Kevin Rudd.

Chief of Staff to Wayne Goss.

Was Kevin Rudd as Chief of Staff to Premier Wayne Goss a powerful force within the government and cabinet? Or was he merely a minor, pumped up fringe player?

What is his knowlege and or involvement of the illegal destruction of the Heiner evidence taken from sexual abuse victims while under state care?

What does kevin Rudd know about the illegal shredding of the Heiner documents?

We must examine Kevin Rudd's role as Chief of Staff to former Queensland Premier Wayne Goss. Tim Grau's article in the Courier Mail in 2007 indicate that Rudd was a powerful force in the Goss government's circles. Extracts appear below and the full article can be read here. Was Kevin Rudd a powerful force beside Wayne Goss?

Rudd was hands-on. While Goss ultimately made the final decisions, the passage of anything leading to that decision had Rudd's fingerprints all over it. Some would say he was performing his job as chief of staff to the letter. Others weren't so sure. One senior policy adviser who worked under Rudd at the time, and who declined to be named, says: "Rudd was a master at using his special position as having 'just talked to the premier'. His favourite phrase was, 'I've just had a word with the premier and what we're doing is X'. That was the end of it. Nobody knew how to take this, whether it was literal or metaphorical."

He was also gathering a reputation for being fearsome and intimidating. It was in the first six months of government that he acquired his now notorious nickname, Dr Death. Professor Brian Head, director of the University of Queensland's Institute for Social Science Research, initially worked as a policy executive director for the premier's department after being personally interviewed and hired by Rudd. He quickly became aware of the nickname. "People have told me different renditions of that name, that it was related to the 'death stare' he had," he says. "The death stare indicated that what you'd said was completely ridiculous and would you like to step outside and commit hara-kiri."

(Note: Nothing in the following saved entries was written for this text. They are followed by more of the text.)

Definition entails (G : list form) (f : form) : Prop :=
  forall (X : var -> Prop) (t : team),
    team_on X t ->
    (forall g, In g G -> forall p, occurs p g -> X p) ->
    (forall p, occurs p f -> X p) ->
    (forall g, In g G -> sat g t) ->
    sat f t.

Fixpoint bigvee (D : list form) : form :=
  match D with
  | [] => Bot
  | [f] => f
  | f :: r => Or f (bigvee r)
  end.

(* Deep-inference contexts: a designated occurrence of a subformula.
   Since Neg only takes classical formulas (cform), a hole in a form
   context is never in the scope of a negation. *)
Inductive ctx : Type :=
| Hole : ctx
| CtxAndL : ctx -> form -> ctx
| CtxAndR : form -> ctx -> ctx
| CtxOrL : ctx -> form -> ctx
| CtxOrR : form -> ctx -> ctx
| CtxIorL : ctx -> form -> ctx
| CtxIorR : form -> ctx -> ctx.

Fixpoint plug (c : ctx) (e : form) : form :=
  match c with
  | Hole => e
  | CtxAndL c g => And (plug c e) g
  | CtxAndR f c => And f (plug c e)
  | CtxOrL c g => Or (plug c e) g
  | CtxOrR f c => Or f (plug c e)
  | CtxIorL c g => Ior (plug c e) g
  | CtxIorR f c => Ior f (plug c e)
  end.

(* The calculus GT. Multisets are lists taken up to permutation (rule GT_perm). *)
Inductive GT : list form -> list form -> Prop :=
| GT_perm : forall G G' D D', Permutation G G' -> Permutation D D' ->
    GT G D -> GT G' D'
| GT_ax : forall G D p, GT (Var p :: G) (Var p :: D)
| GT_bot : forall G D, GT (Bot :: G) D
| GT_Lneg : forall G D a, GT G (emb a :: D) -> GT (Neg a :: G) D
| GT_Rneg : forall G D a, GT (emb a :: G) D -> GT G (Neg a :: D)
| GT_Land : forall G D f g, GT (f :: g :: G) D -> GT (And f g :: G) D
| GT_Rand : forall G (L : list cform) D f g,
    GT G (f :: map emb L) -> GT G (g :: map emb L) ->
    GT G (And f g :: map emb L ++ D)
| GT_Lor : forall G (L : list cform) D f g,
    GT (f :: G) (map emb L) -> GT (g :: G) (map emb L) ->
    GT (Or f g :: G) (map emb L ++ D)
| GT_Ror : forall G D f g, GT G (f :: g :: D) -> GT G (Or f g :: D)
| GT_Lior : forall G D c f g,
    GT (plug c f :: G) D -> GT (plug c g :: G) D ->
    GT (plug c (Ior f g) :: G) D
| GT_RiorL : forall G D c f g,
    GT G (plug c f :: D) -> GT G (plug c (Ior f g) :: D)
| GT_RiorR : forall G D c f g,
    GT G (plug c g :: D) -> GT G (plug c (Ior f g) :: D)
| GT_cut : forall G D P S f,
    GT G (f :: D) -> GT (f :: P) S -> GT (P ++ G) (D ++ S).

(* Each rule of GT preserves the semantic validity of a sequent, read as
   "every team satisfying all of Γ satisfies the split disjunction of Δ".
   The semantic facts behind this are downward closure and the empty team
   property of all formulas, and flatness of classical formulas: a classical
   formula holds on a team as soon as it holds on each of its singletons, so
   it is closed under unions.  This flatness is what justifies the classical
   side context Λ in (R∧) and (L∨), and excluded middle on singletons gives
   the splitting needed for (R¬). *)

From Stdlib Require Import List Permutation Classical.
Import ListNotations.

Peter Coaldrake, now vice-chancellor of Queensland University of Technology, was chairman of Goss's Public Sector Management Commission in the early 1990s. "The nicknames were just banter, it was of no consequence," says Coaldrake. "But he was employed to be tough. The chief of staff to the premier is not a light role. It's a critical gatekeeping role, the vetting of quality, what's going on, who's seeing who, and Kevin was on top of all of those matters."

Wiltshire has another perspective: "He was in such a powerful position in the bureaucracy that I don't think anybody really took him on. I never saw a confrontation and I don't know that a situation would have arisen where somebody would have really challenged him. A bit of robust debate is probably a new experience for Kevin.